## WHAT IS REQUIRED:
Please copy, exactly as they appear below, the lines from the one containing "(forall v : 'cV[C]_(2" through the one containing "unitary U /\".

==== INPUT FOR THIS TASK ====

(* Let $\rho$ be a two-qubit state on $\mathbb{C}^2\otimes\mathbb{C}^2$ whose correlation matrix $T$ is diagonal. If $d_{\max}(\rho)>1/\sqrt2$, then $M(\rho)>1$. The converse does not hold: there exist two-qubit states $\rho$ with diagonal correlation matrix such that $M(\rho)>1$ but $d_{\max}(\rho)\leq 1/\sqrt2$.
   Context: Let $\sigma_0,\sigma_1,\sigma_2$ be the Pauli matrices $X,Y,Z$. Every two-qubit state can be written as $\rho=\frac14\big(I\otimes I+\sum_i r^A_i\sigma_i\otimes I+\sum_j r^B_j I\otimes\sigma_j+\sum_{i,j}T_{ij}\sigma_i\otimes\sigma_j\big)$, with $r^A_i=\mathrm{Tr}(\sigma_i\rho_A)$, $r^B_j=\mathrm{Tr}(\sigma_j\rho_B)$ and real correlation matrix $T_{ij}=\mathrm{Tr}((\sigma_i\otimes\sigma_j)\rho)$. Define $M(\rho)=\tau_1+\tau_2$, the sum of the two largest eigenvalues of $T^TT$. A unitary $U^B$ on $\mathbb{C}^2$ is called cyclic for $\rho$ if $[\rho_B,U^B]=0$, where $\rho_B=\mathrm{Tr}_A\rho$. Set $\rho_f=(I\otimes U^B)\rho(I\otimes U^{B\dagger})$, define $d(\rho,U^B)=\frac{1}{\sqrt2}\|\rho-\rho_f\|_F$ (Frobenius norm), and $d_{\max}(\rho)=\max\{d(\rho,U^B): U^B\text{ unitary},\ [\rho_B,U^B]=0\}$. *)

From HB Require Import structures.
From mathcomp Require Import all_boot all_order all_algebra.
From mathcomp Require Import complex mxtens.
From mathcomp Require Import boolp classical_sets reals.
Set Implicit Arguments. Unset Strict Implicit. Unset Printing Implicit Defensive.
Import Order.TTheory GRing.Theory Num.Theory.
Local Open Scope ring_scope.
Local Open Scope classical_set_scope.

Section TwoQubit.
Variable R : realType.
Local Notation C := (R[i]).

Definition adj m n (A : 'M[C]_(m, n)) : 'M[C]_(n, m) := \matrix_(i, j) (A j i)^*.

Definition pauliX : 'M[C]_2 := \matrix_(a, b) (if a == b then 0 else 1).
Definition pauliY : 'M[C]_2 :=
  \matrix_(a, b) (if a == b then 0 else if a == 0 then - 'i else 'i).
Definition pauliZ : 'M[C]_2 :=
  \matrix_(a, b) (if a == b then (if a == 0 then 1 else -1) else 0).
Definition pauli (i : 'I_3) : 'M[C]_2 :=
  match val i with 0 => pauliX | 1 => pauliY | _ => pauliZ end.

Definition is_state (rho : 'M[C]_(2 * 2)) : Prop :=
  [/\ adj rho = rho,
      (forall v : 'cV[C]_(2 * 2), 0 <= (adj v *m rho *m v) 0 0)
    & \tr rho = 1].

(* reduced state rho_B = Tr_A rho  (first tensor factor is A) *)
Definition ptraceA (rho : 'M[C]_(2 * 2)) : 'M[C]_2 :=
  \matrix_(j, k) \sum_(a < 2) rho (mxtens_index (a, j)) (mxtens_index (a, k)).

(* correlation matrix T_ij = Tr((sigma_i (x) sigma_j) rho), which is real for
   Hermitian rho; we take its real part to view it in R. *)
Definition corr (rho : 'M[C]_(2 * 2)) : 'M[R]_3 :=
  \matrix_(i, j) complex.Re (\tr ((pauli i *t pauli j) *m rho)).

(* M(rho) = tau_1 + tau_2, the sum of the two largest eigenvalues
   (with multiplicity) of T^T T *)
Definition sorted_spectrum (A : 'M[R]_3) (s : seq R) : Prop :=
  [/\ size s = 3, sorted >=%R s & char_poly A = \prod_(x <- s) ('X - x%:P)].
Definition Mval (rho : 'M[C]_(2 * 2)) : R :=
  xget 0 [set m | exists s, sorted_spectrum ((corr rho)^T *m corr rho) s
                            /\ m = s`_0 + s`_1].

Definition unitary (U : 'M[C]_2) : Prop := adj U *m U = 1%:M.

Definition cyclic (rho : 'M[C]_(2 * 2)) (U : 'M[C]_2) : Prop :=
  unitary U /\ ptraceA rho *m U = U *m ptraceA rho.

Definition rho_f (rho : 'M[C]_(2 * 2)) (U : 'M[C]_2) : 'M[C]_(2 * 2) :=
  (1%:M *t U) *m rho *m adj (1%:M *t U).

Definition frob m n (A : 'M[C]_(m, n)) : R :=
  Num.sqrt (\sum_i \sum_j complex.Re (A i j * (A i j)^*)).

Definition dist (rho : 'M[C]_(2 * 2)) (U : 'M[C]_2) : R :=
  (Num.sqrt 2)^-1 * frob (rho - rho_f rho U).

(* d_max(rho) = max over cyclic unitaries (attained; we use the supremum) *)
Definition dmax (rho : 'M[C]_(2 * 2)) : R :=
  sup [set dist rho U | U in [set U | cyclic rho U]].

End TwoQubit.

From HB Require Import structures.
From mathcomp Require Import all_boot all_order all_algebra.
From mathcomp Require Import complex mxtens.
From mathcomp Require Import boolp classical_sets reals.
From mathcomp Require Import ring lra.
Set Implicit Arguments. Unset Strict Implicit. Unset Printing Implicit Defensive.
Import Order.TTheory GRing.Theory Num.Theory.
Local Open Scope ring_scope.

(* Write rho in blocks [[A, B], [B^*, D]] along the first qubit.  Conjugation by
   1 (x) U acts blockwise, and a cyclic U commutes with rho_B = A + D, so
   |rho - rho_f|^2 only sees the displacements K - U K U^* of A - D and of B.  A
   diagonal correlation matrix diag(t_x, t_y, t_z) forces A - D = g + (t_z / 2) Z
   and B = b + (t_x X - i t_y Y) / 4, whose scalar parts do not move, hence
   4 |rho - rho_f|^2 = t_x^2 w_X + t_y^2 w_Y + t_z^2 w_Z with
   w_P = 2 - Re tr(P U P U^{*}).  For unitary U these weights satisfy
   0 <= w_P <= 4 and w_X + w_Y + w_Z <= 8, and the maximum of the linear form over
   this polytope is 4 (t_x^2 + t_y^2 + t_z^2 - min t_i^2) = 4 M(rho).  So
   d(rho, U)^2 <= M(rho) / 2, and d_max > 1 / sqrt 2 forces M > 1.
   Conversely rho = (3|00><00| + |00><11| + |11><00| + |11><11|) / 4 has
   T = diag(1/2, -1/2, 1) and M = 5/4, but its rho_B is non-degenerate, so every
   cyclic U is diagonal, w_Z = 0 and d^2 <= 1/4. *)

Section ComplexMatrices.
Variable R : realType.
Local Notation C := R[i].

Lemma adjK m n (A : 'M[C]_(m, n)) : adj (adj A) = A.
Proof. by apply/matrixP => i j; rewrite !mxE conjCK. Qed.

Lemma adj_mul m n p (A : 'M[C]_(m, n)) (B : 'M[C]_(n, p)) :
  adj (A *m B) = adj B *m adj A.
Proof.
apply/matrixP => i j; rewrite !mxE rmorph_sum; apply: eq_bigr => k _.
by rewrite !mxE rmorphM mulrC.
Qed.

Lemma adjB m n (A B : 'M[C]_(m, n)) : adj (A - B) = adj A - adj B.
Proof. by apply/matrixP => i j; rewrite !mxE rmorphB. Qed.

Lemma adj1mx n : adj (1%:M : 'M[C]_n) = 1%:M.
Proof. by apply/matrixP => i j; rewrite !mxE eq_sym rmorph_nat. Qed.

Lemma adj_tens m n p q (A : 'M[C]_(m, n)) (B : 'M[C]_(p, q)) :
  adj (A *t B) = adj A *t adj B.
Proof.
apply/matrixP => i j.
case: (mxtens_indexP i) => a k; case: (mxtens_indexP j) => b l.
by rewrite mxE !tensmxE !mxE rmorphM.
Qed.

Lemma mxtrace_adj n (A : 'M[C]_n) : \tr (adj A) = (\tr A)^*.
Proof. by rewrite /mxtrace rmorph_sum; apply: eq_bigr => i _; rewrite mxE. Qed.

Lemma conj_rect (a b : R) : ((a +i* b)%C)^* = (a +i* - b)%C :> C.
Proof. by []. Qed.

Lemma Re_conjc (z : C) : complex.Re z^* = complex.Re z.
Proof. by case: z. Qed.

Lemma Re_sum I (r : seq I) (P : pred I) (F : I -> C) :
  complex.Re (\sum_(i <- r | P i) F i) = \sum_(i <- r | P i) complex.Re (F i).
Proof.
elim/big_rec2: _ => [|i x y _ <-]; first by [].
by case: (F i) => a b; case: y.
Qed.

Definition frob2 m n (X : 'M[C]_(m, n)) : R :=
  \sum_i \sum_j complex.Re (X i j * (X i j)^*).
(* There are at least $2^{\aleph_0}$ many continuous injective maps $M(\mathbb R(x))\to M(\mathbb R(x,y))$, all of them compatible with restriction and having mutually disjoint images.
   Context: $\mathbb R(x,y)$ is the rational function field in two variables over $\mathbb R$. For a field $K$, $M(K)$ is the set of $\mathbb R$-places $K\to\mathbb R\cup\{\infty\}$, with topology generated by the subbasis $H'(b)=\{\zeta\in M(K)\mid \infty\ne\zeta(b)>0\}$, $b\in K$. A map $\iota:M(\mathbb R(x))\to M(\mathbb R(x,y))$ is compatible with restriction if $\iota(\zeta)|_{\mathbb R(x)}=\zeta$ for all $\zeta$. *)

From HB Require Import structures.
From mathcomp Require Import all_boot all_order all_algebra.
From mathcomp Require Import fraction Rstruct.
From Stdlib Require Import Reals.

Set Implicit Arguments.
Unset Strict Implicit.
Unset Printing Implicit Defensive.
Import Order.TTheory GRing.Theory Num.Theory.
Local Open Scope ring_scope.

Definition Rx : fieldType := {fraction {poly R}}.
(* R(x,y) realised as R(x)(y) = Frac(R(x)[y]). *)
Definition Rxy : fieldType := {fraction {poly Rx}}.

Definition emb_xy (f : Rx) : Rxy := tofrac (f%:P).

(* An R-place K -> R ∪ {∞}; [None] stands for ∞.
   O := { a | z a <> ∞ } is a subring, z restricted to O is a ring morphism,
   and for a <> 0 : z a = ∞ iff z (a^-1) = 0 (valuation ring + kernel = max ideal). *)
Definition is_Rplace (K : fieldType) (z : K -> option R) : Prop :=
  z 1 = Some 1 /\
  (forall (a b : K) (u v : R), z a = Some u -> z b = Some v ->
       z (a + b) = Some (u + v) /\ z (a * b) = Some (u * v)) /\
  (forall a : K, a != 0 -> (z a = None <-> z a^-1 = Some 0)).

Definition M (K : fieldType) := {z : K -> option R | is_Rplace z}.

Definition H' (K : fieldType) (b : K) (z : M K) : Prop :=
  exists r : R, proj1_sig z b = Some r /\ 0 < r.

(* Open sets of the topology generated by the subbasis {H'(b) | b in K}:
   every point of U lies in a finite intersection of subbasic sets inside U. *)
Definition M_open (K : fieldType) (U : M K -> Prop) : Prop :=
  forall z, U z -> exists s : seq K,
    (forall b, b \in s -> H' b z) /\
    (forall z', (forall b, b \in s -> H' b z') -> U z').

Definition M_continuous (K L : fieldType) (f : M K -> M L) : Prop :=
  forall U : M L -> Prop, M_open U -> M_open (fun z => U (f z)).

Definition compatible_restr (iota : M Rx -> M Rxy) : Prop :=
  forall z : M Rx, (fun f : Rx => proj1_sig (iota z) (emb_xy f)) = proj1_sig z.

(* An R-place [z] of R(x) composed with the R(x)-place "evaluate at y = c" of
   R(x,y) (for a real constant [c]) is an R-place of R(x,y) restricting to [z];
   on the subbasic sets this composition is a pullback, hence continuous.  For
   [c <> c'] the images are disjoint: the first place sends [y - c] to [0], the
   second to [z'(c' - c)], which is finite and nonzero because an R-place of R(x)
   cannot send a nonzero real constant to [0] or [∞] (it would then send a real
   square to [-1]).  Continuum many constants come from the injection of
   [nat -> bool] into the reals by ternary expansions. *)

From HB Require Import structures.
From mathcomp Require Import all_boot all_order all_algebra.
From mathcomp Require Import fraction Rstruct.
From Stdlib Require Import Reals.
From mathcomp Require Import generic_quotient ring lra classical_sets reals.
From Stdlib Require Import ClassicalEpsilon ProofIrrelevance FunctionalExtensionality.

Set Implicit Arguments.
Unset Strict Implicit.
Unset Printing Implicit Defensive.
Import Order.TTheory GRing.Theory Num.Theory.
Local Open Scope ring_scope.
Local Notation "x %:F" := (tofrac x).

====

## TASK SOLUTION:
      (forall v : 'cV[C]_(2 * 2), 0 <= (adj v *m rho *m v) 0 0)
    & \tr rho = 1].

(* reduced state rho_B = Tr_A rho  (first tensor factor is A) *)
Definition ptraceA (rho : 'M[C]_(2 * 2)) : 'M[C]_2 :=
  \matrix_(j, k) \sum_(a < 2) rho (mxtens_index (a, j)) (mxtens_index (a, k)).

(* correlation matrix T_ij = Tr((sigma_i (x) sigma_j) rho), which is real for
   Hermitian rho; we take its real part to view it in R. *)
Definition corr (rho : 'M[C]_(2 * 2)) : 'M[R]_3 :=
  \matrix_(i, j) complex.Re (\tr ((pauli i *t pauli j) *m rho)).

(* M(rho) = tau_1 + tau_2, the sum of the two largest eigenvalues
   (with multiplicity) of T^T T *)
Definition sorted_spectrum (A : 'M[R]_3) (s : seq R) : Prop :=
  [/\ size s = 3, sorted >=%R s & char_poly A = \prod_(x <- s) ('X - x%:P)].
Definition Mval (rho : 'M[C]_(2 * 2)) : R :=
  xget 0 [set m | exists s, sorted_spectrum ((corr rho)^T *m corr rho) s
                            /\ m = s`_0 + s`_1].

Definition unitary (U : 'M[C]_2) : Prop := adj U *m U = 1%:M.

Definition cyclic (rho : 'M[C]_(2 * 2)) (U : 'M[C]_2) : Prop :=
  unitary U /\ ptraceA rho *m U = U *m ptraceA rho.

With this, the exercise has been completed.